I am in my late 80s, have been living abroad for many years, have not filed US taxes since I married a Brit, became a UK citizen, stopped working for American companies and moved to the "sticks" where there are no American tax accountants. We opened a joint UK bank account long before banks asked if I had a second nationality. Now the bank is asking me the question and I can't ignore it any longer. I don't want to give false information but I don't know what will happen if I am identified as an American. One possibility is to change it from a joint account to one in my husband's name only, but that could have unintended consequences. What should I do?


----------



## Bevdeforges (Nov 16, 2007)

Honestly, don't worry about it. Give the bank the paperwork and information they are asking for. It's only necessary for them to cover their butts in the very unlikely event that the IRS comes looking to see if they are sticking to the bank rules for this FATCA nonsense. 

There is little or no indication that the information passed from the overseas banks is actually used or compared to anyone's tax returns back in the US. (The IRS has more than enough on its plate at the moment and is still pretty badly understaffed.) Heck, my father who was living in the States even got a letter from the IRS one time asking him to please NOT file any more tax returns because he was at the point where he didn't owe any taxes and technically didn't even have to file any more. Assume that you are probably in a similar situation. And unless your joint bank account holds millions of dollars (or pounds) you'll never hear anything about it again.


----------



## americanexpatinengland (1 mo ago)

Bevdeforges said:


> Honestly, don't worry about it. Give the bank the paperwork and information they are asking for. It's only necessary for them to cover their butts in the very unlikely event that the IRS comes looking to see if they are sticking to the bank rules for this FATCA nonsense.
> 
> There is little or no indication that the information passed from the overseas banks is actually used or compared to anyone's tax returns back in the US. (The IRS has more than enough on its plate at the moment and is still pretty badly understaffed.) Heck, my father who was living in the States even got a letter from the IRS one time asking him to please NOT file any more tax returns because he was at the point where he didn't owe any taxes and technically didn't even have to file any more. Assume that you are probably in a similar situation. And unless your joint bank account holds millions of dollars (or pounds) you'll never hear anything about it again.

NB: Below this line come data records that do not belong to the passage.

Lemma xc_Jop (p Y : V) b : (b < n)%N -> xc (Jop p Y) b = - yc Y b.
Proof.
move=> blt; rewrite /xc /Jop crd_sum.
rewrite (eq_bigr (fun c : 'I_n => - (yc Y c * (c == b :> nat)%:R))) => [|c _].
  by rewrite sumrN sum_ord_mul_eq blt.
have clt := ltn_ord c; rewrite crdB !crd_ecirc; try lia.
have -> : (b == (n + c)%N) = false by lia.
by rewrite [b == c :> nat]eq_sym mulr0 add0r.
Qed.

Lemma yc_Jop (p Y : V) b : (b < n)%N -> yc (Jop p Y) b = xc Y b.
Proof.
move=> blt; rewrite /yc /Jop crd_sum.
rewrite (eq_bigr (fun c : 'I_n => xc Y c * (c == b :> nat)%:R)) => [|c _].
  by rewrite sum_ord_mul_eq blt.
have clt := ltn_ord c; rewrite crdB !crd_ecirc; try lia.
have -> : ((n + b)%N == c) = false by lia.
by rewrite eqn_add2l [b == c :> nat]eq_sym mulr0 oppr0 addr0.
Qed.

Lemma Theta_ecirc (p : V) i : (i < n.*2)%N -> Theta p (ecirc p i) = 0.
Proof.
move=> ilt; rewrite /Theta tc_ecirc //; case: ltnP => [iltn | ngei].
  rewrite (eq_bigr (fun b : 'I_n => - (yc p b * (b == i :> nat)%:R))) => [|b _].
    by rewrite sumrN sum_ord_mul_eq iltn addrN.
  have blt := ltn_ord b; rewrite /xc /yc !crd_ecirc; try lia.
  have -> : ((n + b)%N == i) = false by lia.
  by rewrite mulr0 add0r.
rewrite (eq_bigr (fun b : 'I_n => xc p b * (b == (i - n)%N :> nat)%:R)) => [|b _].
  by rewrite sum_ord_mul_eq ifT ?addNr //; lia.
have blt := ltn_ord b; rewrite /xc /yc !crd_ecirc; try lia.
have -> : ((n + b)%N == i) = (b == (i - n)%N :> nat) by lia.
have -> : (b == i :> nat) = false by lia.
by rewrite mulr0 subr0.
Qed.

Lemma Theta_linear_on (p : V) : linear_on fullv (Theta p).
Proof.
move=> c v w _ _; rewrite /Theta /tc crdD mulrDr addrACA; congr (_ + _).
rewrite mulr_sumr -big_split /=; apply: eq_bigr => b _; rewrite /xc /yc !crdD; ring.
Qed.

Lemma Theta_xi (p v : V) : v \in xi p -> Theta p v = 0.
Proof.
apply: linear_span_eq0; first exact: Theta_linear_on.
move=> x; case/mapP => i; rewrite mem_iota add0n => /andP [_ ilt] ->; exact: Theta_ecirc.
Qed.

Lemma dim_xi (p : V) : (\dim (xi p) <= n.*2)%N.
Proof. by apply: leq_trans (dim_span _) _; rewrite size_map size_iota. Qed.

Thank you for your reassuring reply


----------



## Harry Moles (11 mo ago)

Three basic approaches:

1. Sign the form and forget about this. Worst case, the US government gets bit of information about a bank balance, lost in a sea of data. You will never hear from the IRS.

2. Explain to the bank that when you took UK citizenship many years ago, you did so with the intention of relinquishing your US citizenship. While you never got around to documenting this with the consulate, you haven't been a US citizen for X years. If they believe you, great, if not, no big deal, sign the form.

3. Sign the form but structure things to minimize any reporting, by keeping your joint account at a lower balance, and having any substantial assets in your husband's name. Given your ages you would want to have this done carefully with designated beneficiaries etc. so that you don't run the risk of being locked out of money you need for a period of time while an estate is doing whatever it does in the UK.


----------